Георгий страшно волновался, что не будет вовремя получены из ателье с новой змейкой джинсы, купленные как-то по дешевке у вьетнамца Чиеу, отец которого долго скрывался в лесах, а теперь был член Политбюро.
Георгий собирался на бал вместе с Шамилем и Татьяной, сегодня решительный вечер. Маринка, ясно, будет тоже, увидит его с Татьяной, и все увидят, но — был вечер козырного хода.
Когда "ЗИЛ" — вкрадчивый, пружинистый подкатил к Татьяне, и Георгий вышел из него, Татьяна на секунду застыла, только на одно мгновение, но Георгий успел. Он успел увидеть впечатление, и сразу отдал должное институтской выучке, так скоро проявившейся у Татьяны. Она села в машину, словно нечему тут и удивляться, словно каждый день садилась в правительственные машины.
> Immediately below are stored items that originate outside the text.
Lemma attr_jump u : w u (attr_move u) + potential (attr_move u) <= potential u + jump_bound.
Proof.
have w_le : w u (attr_move u) <= \sum_u \sum_x `|w u x|.
  apply: le_trans (ler_norm _) _.
  apply: le_trans (ler_sum_term (F := fun x => `|w u x|) _ _) _ => //.
  by apply: (ler_sum_term (F := fun u => \sum_x `|w u x|)) => y; rewrite sumr_ge0.
have pot_le y : `|potential y| <= \sum_u `|potential u|.
  exact: (ler_sum_term (F := fun u => `|potential u|)).
have := ler_norm (potential (attr_move u)).
have : - potential u <= `|potential u| by rewrite -normrN ler_norm.
rewrite /jump_bound; move: (pot_le u) (pot_le (attr_move u)) w_le; lra.
Qed.

Definition attr_mix (u x : V) : R :=
  (1 - attr_prob) * (x == opt_move u)%:R + attr_prob * (x == attr_move u)%:R.

Lemma attr_mix_strat : ml_strat G (VMin G) attr_mix.
Proof.
move=> u uMin; have uT := VMin_Tg uMin; have e_gt0 := attr_prob_gt0; have e_le1 := attr_prob_le1.
split.
- by move=> x; rewrite addr_ge0 // mulr_ge0 ?subr_ge0 // ltW.
- by rewrite big_split /= -!mulr_sumr !sum_delta1 !mulr1 subrK.
- move=> x; rewrite /attr_mix.
  have [->|_] := eqVneq x (opt_move u); first by move=> _; exact: best_move_edge.
  have [->|_] := eqVneq x (attr_move u); first by move=> _; exact: best_move_edge.
  by rewrite !mulr0 addr0 eqxx.
Qed.

Section AgainstMax.
Variable tau : V -> V -> R.
Hypothesis tau_strat : ml_strat G (VMax G) tau.
Local Notation P := (trans G attr_mix tau).
Definition is_prefix_matching (M : seq T -> seq T -> Prop) : Prop :=
  is_matching M /\
  (forall s i v, isseq s -> st_ins M s i v ->
     forall t, isseq t -> take i.+2 t = take i.+2 s -> st_ins M t i v) /\
  (forall s i, isseq s -> st_del M s i ->
     forall t, isseq t -> take i.+2 t = take i.+2 s -> st_del M t i).

End Defs.

Inductive symb (T : Type) := Eps | Iota of T | Delta.
Arguments Eps {T}. Arguments Delta {T}.

Section Rules.
Variables (T : finType) (e : rel T).
Local Notation d := (dist e).

Definition generated_by (F : seq T -> symb T) (M : seq T -> seq T -> Prop) : Prop :=
  forall s, isseq s -> 2 <= size s -> unmatched M (take (size s).-1 s) ->
    (forall v, st_ins M s (size s).-2 v <-> F s = Iota v) /\
    (st_del M s (size s).-2 <-> F s = Delta).

Definition valid_rule (F : seq T -> symb T) : Prop :=
  (forall s v, isseq s -> 2 <= size s -> F s = Iota v ->
     let xk := nth v s (size s).-1 in
     let xk1 := nth v s (size s).-2 in
     let pre := take (size s).-1 s in
     [/\ v != xk1, v != xk,
         d xk1 v + d v xk = d xk1 xk,
         F (rcons pre v) = Eps &
         F (rcons (rcons pre v) xk) = Delta]) /\
  (forall s, isseq s -> F s = Delta ->
     3 <= size s /\
     forall x0 : T,
     let xk := nth x0 s (size s).-1 in
     let xk1 := nth x0 s (size s).-2 in
     let xk2 := nth x0 s (size s - 3) in
     d xk2 xk1 + d xk1 xk = d xk2 xk /\
     F (rcons (take (size s).-2 s) xk) = Iota xk1).

End Rules.

(* Proof: the state of a sequence (x_0,...,x_k) is read off its first prefix
   (x_0,...,x_{j+1}) on which F is not epsilon: for iota(v) the sequence is
   matched with the one obtained by inserting v after x_j, for delta with the
   one obtained by deleting x_j.  Validity of F makes the two prescriptions
   inverse to each other: inserting v gives a sequence whose first
   non-epsilon prefix is one step longer and carries delta (the prefix ending
   at v carries epsilon), and deleting x_j gives one whose first non-epsilon
   prefix ends at x_{j+1} and carries iota(x_j).  The state only depends on
   that prefix, so the matching is prefix; and if (x_0,...,x_{k-1}) is
   unmatched then F is epsilon on all of its prefixes, so the state of
   (x_0,...,x_k) is F(x_0,...,x_k). *)

From mathcomp Require Import all_boot zify.
Set Implicit Arguments. Unset Strict Implicit. Unset Printing Implicit Defensive.

Section Take.
Variable T : Type.
Implicit Types (a l : seq T).

Lemma take_cat_rcons n a x l : n <= (size a).+1 -> take n (a ++ x :: l) = take n (rcons a x).
Proof. by move=> hn; rewrite -cat_rcons takel_cat // size_rcons. Qed.

Lemma nth_cat_add (x0 : T) a l k : nth x0 (a ++ l) (size a + k) = nth x0 l k.
Proof. by rewrite nth_cat ltnNge leq_addr addKn. Qed.

End Take.

Section InsDel.
Variable T : finType.
Implicit Types (a l s : seq T).
Local Notation neq := (fun p q : T => p != q).

Lemma isseq_cat_cons a x l : isseq (a ++ x :: l) = sorted neq (rcons a x) && path neq x l.
Proof. by rewrite /isseq sorted_cat_cons; case: a. Qed.

Lemma isseq_catl (p q : seq T) : isseq (p ++ q) -> p != [::] -> isseq p.
Proof.
case/andP=> _ /(take_sorted (size p)); rewrite takel_cat // take_size => hp hne.
by rewrite /isseq hne.
Qed.

Lemma ins_cat a x l v : ins (size a) v (a ++ x :: l) = a ++ x :: v :: l.
Proof.
rewrite /ins take_cat_rcons // take_oversize ?size_rcons //.
by rewrite -[a ++ x :: l]cat_rcons drop_size_cat ?size_rcons // cat_rcons.
Qed.

Lemma del_cat a x l : del (size a) (a ++ x :: l) = a ++ l.
Proof. by rewrite /del take_size_cat // -cat_rcons drop_size_cat // size_rcons. Qed.
(* Let $X$, $Y_k$ ($k\in\mathbb N$) and norms $\|\cdot\|_{X\oplus Y_k}$ be as in the generalized $\ell^2$-sum setting. Then $\Lambda(X\oplus Y_k)$ is compact in the weak$^*$ topology of the dual of $(\Sigma(X\oplus Y_k),\|\cdot\|_\Sigma)$.
   Context: Setting: $(X,\|\cdot\|_X)$ and $(Y_k,\|\cdot\|_{Y_k})$, $k\in\mathbb N$, are Banach spaces; for each $k$, $\|\cdot\|_{X\oplus Y_k}$ is a norm on $X\oplus Y_k$ coinciding with $\|\cdot\|_X$ on $X$ and with $\|\cdot\|_{Y_k}$ on $Y_k$, and monotone: $\|x+y_k\|_{X\oplus Y_k}\ge\|x\|_X$. Duals of direct sums are identified with direct sums of duals via $(x^*+y^* )(x+y)=x^*(x)+y^*(y)$. $\Lambda(X\oplus Y_k)$ is the set of functionals $x^*+\sum_k\alpha_ky_k^*$ (acting by $x+\sum y_k\mapsto x^*(x)+\sum\alpha_ky_k^*(y_k)$) with $x^*\in X^*$, $y_k^*\in Y_k^*$, $\|x^*+y_k^*\|_{X\oplus Y_k}\le1$ for all $k$, $0\le\alpha_k\le1$, $\sum\alpha_k^2\le1$. $\Sigma(X\oplus Y_k)=\{x+y_1+y_2+\dots:x\in X,y_k\in Y_k,\sum\|y_k\|_{Y_k}^2<\infty\}$ with $\|z\|_\Sigma=\sup\{|z^*(z)|:z^*\in\Lambda(X\oplus Y_k)\}$. *)

From HB Require Import structures.
From mathcomp Require Import all_boot all_order all_algebra.
From mathcomp Require Import all_classical all_reals all_analysis.
Set Implicit Arguments. Unset Strict Implicit. Unset Printing Implicit Defensive.
Import Order.TTheory GRing.Theory Num.Theory.
Import numFieldNormedType.Exports.
Local Open Scope classical_set_scope.
Local Open Scope ring_scope.

Section L2Sum.
Variables (R : realType) (X : completeNormedModType R)
          (Y : nat -> completeNormedModType R).

Definition is_dual (V : normedModType R) (f : V -> R) : Prop :=
  (forall (a : R) (u v : V), f (a *: u + v) = a * f u + f v) /\ continuous f.

(* [N k x y] is ||x + y||_{X (+) Y_k}: a norm on X (+) Y_k that coincides with
   ||.||_X on X and ||.||_{Y_k} on Y_k, and is monotone. *)
Definition l2sum_norms (N : forall k, X -> Y k -> R) : Prop :=
  forall k,
    [/\ (forall x1 x2 y1 y2, N k (x1 + x2) (y1 + y2) <= N k x1 y1 + N k x2 y2),
        (forall (a : R) x y, N k (a *: x) (a *: y) = `|a| * N k x y),
        (forall x y, N k x y = 0 -> x = 0 /\ y = 0) &
        [/\ (forall x, N k x 0 = `|x|),
             (forall y, N k 0 y = `|y|) &
             (forall x y, `|x| <= N k x y)]].

(* The underlying set of Sigma(X (+) Y_k): x + y_1 + y_2 + ... with
   sum ||y_k||^2 < oo. *)
Definition Sigma : Type :=
  {z : X * (forall k, Y k) | cvgn (series (fun k => `|z.2 k| ^+ 2))}.

Definition sig_x (z : Sigma) : X := (proj1_sig z).1.
Definition sig_y (z : Sigma) (k : nat) : Y k := (proj1_sig z).2 k.

(* ||x^* + y_k^*||_{(X (+) Y_k)^*} <= 1, i.e. the dual norm is at most one:
   |x^*(x) + y^*(y)| <= ||x + y||_{X (+) Y_k} for all x, y. *)
Definition dual_norm_le1 (N : forall k, X -> Y k -> R) k
    (xs : X -> R) (ys : Y k -> R) : Prop :=
  forall x y, `|xs x + ys y| <= N k x y.

Definition Lambda (N : forall k, X -> Y k -> R) : set (Sigma -> R) :=
  [set f | exists (xs : X -> R) (ys : forall k, Y k -> R) (al : nat -> R),
     [/\ is_dual xs,
         (forall k, is_dual (ys k)),
         (forall k, dual_norm_le1 N (xs) (ys k)),
         (forall k, 0 <= al k <= 1) /\
         cvgn (series (fun k => al k ^+ 2)) /\
           limn (series (fun k => al k ^+ 2)) <= 1 &
         f = fun z => xs (sig_x z) + limn (series (fun k => al k * ys k (sig_y z k)))]].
Разве только чересчур весело поздоровалась с шофером и быстрее обычного в первые минуты поворачивала голову от Шамиля к Георгию и обратно.
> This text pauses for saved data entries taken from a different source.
(* For any $\lambda\in K^*$, the algebras $\Lambda(\mathbb S,\lambda)$ and $\operatorname{T}(B(\lambda))$ are isomorphic.
   Context: $K$ is an algebraically closed field. For an algebra $B$, the trivial extension $\operatorname{T}(B)=B\ltimes D(B)$ is $B\oplus D(B)$, $D(B)=\operatorname{Hom}_K(B,K)$, with multiplication $(b_1,f_1)(b_2,f_2)=(b_1b_2,b_1f_2+f_1b_2)$. $B(\lambda)$ is the algebra given by the quiver with vertices $1,\dots,6$ and arrows $\alpha:3\to1$, $\sigma:3\to2$, $\gamma:4\to1$, $\beta:4\to2$, $\xi:5\to3$, $\eta:5\to4$, $\mu:6\to3$, $\omega:6\to4$, and relations $\eta\gamma=\xi\alpha$, $\xi\sigma=\lambda\eta\beta$, $\mu\alpha=\omega\gamma$, $\omega\beta=\mu\sigma$ (paths composed left to right). $\Lambda(\mathbb S,\lambda)$ is the algebra given by the quiver with vertices $1,\dots,6$ and arrows $\alpha:3\to1$, $\beta:4\to2$, $\gamma:4\to1$, $\delta:1\to5$, $\varepsilon:2\to5$, $\eta:5\to4$, $\xi:5\to3$, $\varrho:2\to6$, $\sigma:3\to2$, $\mu:6\to3$, $\nu:1\to6$, $\omega:6\to4$, and relations $\delta\eta=\nu\omega$, $\eta\gamma=\xi\alpha$, $\gamma\delta=\lambda\beta\varepsilon$, $\varrho\omega=\lambda\varepsilon\eta$, $\omega\beta=\mu\sigma$, $\beta\varrho=\gamma\nu$, $\sigma\varepsilon=\alpha\delta$, $\varepsilon\xi=\varrho\mu$, $\xi\sigma=\lambda\eta\beta$, $\alpha\nu=\sigma\varrho$, $\nu\mu=\delta\xi$, $\mu\alpha=\omega\gamma$, and $\delta\eta\beta=\eta\gamma\nu=\gamma\delta\xi=\varrho\omega\gamma=\omega\beta\varepsilon=\beta\varrho\mu=\sigma\varepsilon\eta=\varepsilon\xi\alpha=\xi\sigma\varrho=\alpha\nu\omega=\nu\mu\sigma=\mu\alpha\delta=0$. (This is the tetrahedral algebra $\Lambda(\mathbb S,\lambda,1,1,1)$.) *)

From HB Require Import structures.
From mathcomp Require Import all_boot all_order all_algebra falgebra.
Set Implicit Arguments. Unset Strict Implicit. Unset Printing Implicit Defensive.
Import GRing.Theory.
Local Open Scope ring_scope.

Definition is_alg_hom (K : fieldType) (A C : algType K) (f : A -> C) : Prop :=
  [/\ forall (c : K) (x y : A), f (c *: x + y) = c *: f x + f y,
      forall x y : A, f (x * y) = f x * f y
    & f 1 = 1].

(* Representations of the path algebra KQ of a quiver Q with vertex set *)
(* 'I_n and arrow type Ar (source s, target t) in a K-algebra C: a       *)
(* complete family of orthogonal idempotents e_i (one per vertex) and    *)
(* elements a_k (one per arrow) with a_k = e_(s k) a_k e_(t k).          *)
(* Paths are composed LEFT TO RIGHT: an arrow k : i -> j lies in         *)
(* e_i C e_j, and the product p q is the path "p then q".               *)
Definition quiver_rep (K : fieldType) (n : nat) (Ar : Type)
    (s t : Ar -> 'I_n) (C : algType K) (e : 'I_n -> C) (a : Ar -> C) : Prop :=
  [/\ forall i j : 'I_n, e i * e j = (if i == j then e i else 0),
      \sum_(i < n) e i = 1
    & forall k : Ar, a k = e (s k) * a k * e (t k)].

(* A is "the algebra given by the quiver Q (s,t) and the relations Rel",  *)
(* i.e. the K-algebra presented by these generators and relations         *)
(* (KQ modulo the ideal generated by the relations), characterised by    *)
(* its universal property: (A, e, a) satisfies the relations, and for    *)
(* every K-algebra C with such data there is exactly one unital algebra  *)
(* homomorphism A -> C sending generators to generators.                 *)
Definition presented_by (K : fieldType) (n : nat) (Ar : Type)
    (s t : Ar -> 'I_n)
    (Rel : forall C : algType K, ('I_n -> C) -> (Ar -> C) -> Prop)
    (A : algType K) (e : 'I_n -> A) (a : Ar -> A) : Prop :=
  [/\ quiver_rep s t e a, Rel A e a
    & forall (C : algType K) (e' : 'I_n -> C) (a' : Ar -> C),
        quiver_rep s t e' a' -> Rel C e' a' ->
        (exists f : A -> C, [/\ is_alg_hom f, f \o e =1 e' & f \o a =1 a'])
        /\ (forall f g : A -> C,
              is_alg_hom f -> f \o e =1 e' -> f \o a =1 a' ->
              is_alg_hom g -> g \o e =1 e' -> g \o a =1 a' -> f =1 g)].

Definition vtx (k : nat) : 'I_6 := inord k.-1.

Inductive BArr := Ba_alpha | Ba_sigma | Ba_gamma | Ba_beta
                | Ba_xi | Ba_eta | Ba_mu | Ba_omega.

Definition B_src (x : BArr) : 'I_6 :=
  match x with
  | Ba_alpha => vtx 3 | Ba_sigma => vtx 3 | Ba_gamma => vtx 4 | Ba_beta => vtx 4
  | Ba_xi => vtx 5 | Ba_eta => vtx 5 | Ba_mu => vtx 6 | Ba_omega => vtx 6
  end.
Definition B_tgt (x : BArr) : 'I_6 :=
  match x with
  | Ba_alpha => vtx 1 | Ba_sigma => vtx 2 | Ba_gamma => vtx 1 | Ba_beta => vtx 2
  | Ba_xi => vtx 3 | Ba_eta => vtx 4 | Ba_mu => vtx 3 | Ba_omega => vtx 4
  end.

Definition B_rel (K : fieldType) (lam : K) (C : algType K)
    (e : 'I_6 -> C) (a : BArr -> C) : Prop :=
  let alpha := a Ba_alpha in let sigma := a Ba_sigma in
  let gamma := a Ba_gamma in let beta := a Ba_beta in
  let xi := a Ba_xi in let eta := a Ba_eta in
  let mu := a Ba_mu in let omega := a Ba_omega in
  [/\ eta * gamma = xi * alpha,
      xi * sigma = lam *: (eta * beta),
      mu * alpha = omega * gamma
    & omega * beta = mu * sigma].

(* The tetrahedral algebra Lambda(S, lambda) = Lambda(S, lambda, 1,1,1). *)
Inductive LArr := La_alpha | La_beta | La_gamma | La_delta | La_eps | La_eta
                | La_xi | La_rho | La_sigma | La_mu | La_nu | La_omega.

Definition L_src (x : LArr) : 'I_6 :=
  match x with
  | La_alpha => vtx 3 | La_beta => vtx 4 | La_gamma => vtx 4 | La_delta => vtx 1
  | La_eps => vtx 2 | La_eta => vtx 5 | La_xi => vtx 5 | La_rho => vtx 2
  | La_sigma => vtx 3 | La_mu => vtx 6 | La_nu => vtx 1 | La_omega => vtx 6
  end.
Definition L_tgt (x : LArr) : 'I_6 :=
  match x with
  | La_alpha => vtx 1 | La_beta => vtx 2 | La_gamma => vtx 1 | La_delta => vtx 5
  | La_eps => vtx 5 | La_eta => vtx 4 | La_xi => vtx 3 | La_rho => vtx 6
  | La_sigma => vtx 2 | La_mu => vtx 3 | La_nu => vtx 6 | La_omega => vtx 4
  end.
Георгий сразу взял ее в машине за руку.
Спустившись по улице Фрунзе на Боровицкую площадь, "ЗИЛ" — вместо того, чтобы свернуть налево, к Троицким воротам — на полном ходу, мимо замершего со всех сторон дорожного движения, под жесты приветливого ГАИ (Шамиль плотнее прижал рукой квадратище пропуска к лобовому стеклу) — впился в арку Боровицких ворот и сразу оказался в Кремле. Только тут Георгий отпустил воздух из легкий и вновь ощутил руку Татьяны.
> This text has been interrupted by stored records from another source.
Lemma cayley_inj : injective cayley.
Proof.
move=> a b; have /andP[da _] := cayley_factors_neq0 a.
have /andP[db _] := cayley_factors_neq0 b.
move/eqP; rewrite eqr_div // => /eqP eq_ab.
have : 'i * 2%:R * (a%:R - b%:R) = 0 :> C.
  by rewrite -[LHS]subr0 -(subrr ((1 + 'i * a%:R) * (1 - 'i * b%:R))) {2}eq_ab; ring.
by move/eqP; rewrite !mulf_eq0 subr_eq0 eqr_nat pnatr_eq0 (negbTE (neq0Ci C)) => /eqP.
Qed.

(* For [z = s u] with [u] a Cayley point, [conj z = s / u], so [u ^+ D] times the
   hypothesis is a polynomial in [u] whose coefficients are the sums below. *)
Lemma sesquipoly_diag_eq0 (D : nat) (c : nat -> nat -> C) :
  (forall z : C, \sum_(a < D) \sum_(b < D) c a b * z^* ^+ a * z ^+ b = 0) ->
  forall (e s : nat), \sum_(a < D) \sum_(b < D)
    c a b * s%:R ^+ (a + b) * (e == D + b - a)%N%:R = 0.
Proof.
move=> c0 e s.
pose P : {poly C} :=
  \sum_(a < D) \sum_(b < D) (c a b * s%:R ^+ (a + b)) *: 'X^(D + b - a).
have P0 : P = 0.
  apply: (poly_eq0_inj_roots cayley_inj) => j; rewrite horner_sum.
  transitivity (cayley j ^+ D * \sum_(a < D) \sum_(b < D)
     c a b * (s%:R * cayley j)^* ^+ a * (s%:R * cayley j) ^+ b);
    last by rewrite c0 mulr0.
  rewrite mulr_sumr; apply: eq_bigr => a _; rewrite horner_sum mulr_sumr.
  apply: eq_bigr => b _; move: (cayley j) (cayley_neq0 j) (conj_cayley j) => u u0 uc.
  rewrite hornerZ hornerXn rmorphM /= conjC_nat uc !exprMn exprVn.
  have -> : (D + b - a = (D - a) + b)%N by have := ltn_ord a; lia.
  have -> : u ^+ D = u ^+ (D - a) * u ^+ a by rewrite -exprD subnK // ltnW.
  by rewrite exprD exprD; field; rewrite expf_neq0.
rewrite -[RHS](coef0 C e) -P0 coef_sum; apply: eq_bigr => a _; rewrite coef_sum.
by apply: eq_bigr => b _; rewrite coefZ coefXn.
Qed.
Обогнув Большой Кремлевский дворец и Соборную площадь, "ЗИЛ" прямиком выкатился, к порталу Дворца съездов — пред очи толпы. Толпа пошатнулась. Свет бил из Дворца прямо в глаза, разглядеть в темной массе лиц было нельзя, да и не хотелось.
Шамиль мигнул шоферу, и "ЗИЛ" медленно, разрезая толпу, подполз к самому входу. Шамиль мигнул еще раз, шофер вышел, обогнул капот и открыл дверцу Георгию. Георгий, сам не свой, вылез и, склонившись, подал руку Татьяне.
Народ безмолвствовал.
В следующую секунду (Татьяна еще не вышла как следует) в голове Георгия сделалась паника. Он не видел, как надо быть дальше.
Татьяна окончательно вышла, распрямилась, держась за руку, огляделась, оправляя пальто. Георгий совершил первый деревянный шаг куда-то вбок и хотел тут же умереть и не двигаться более. Но тут…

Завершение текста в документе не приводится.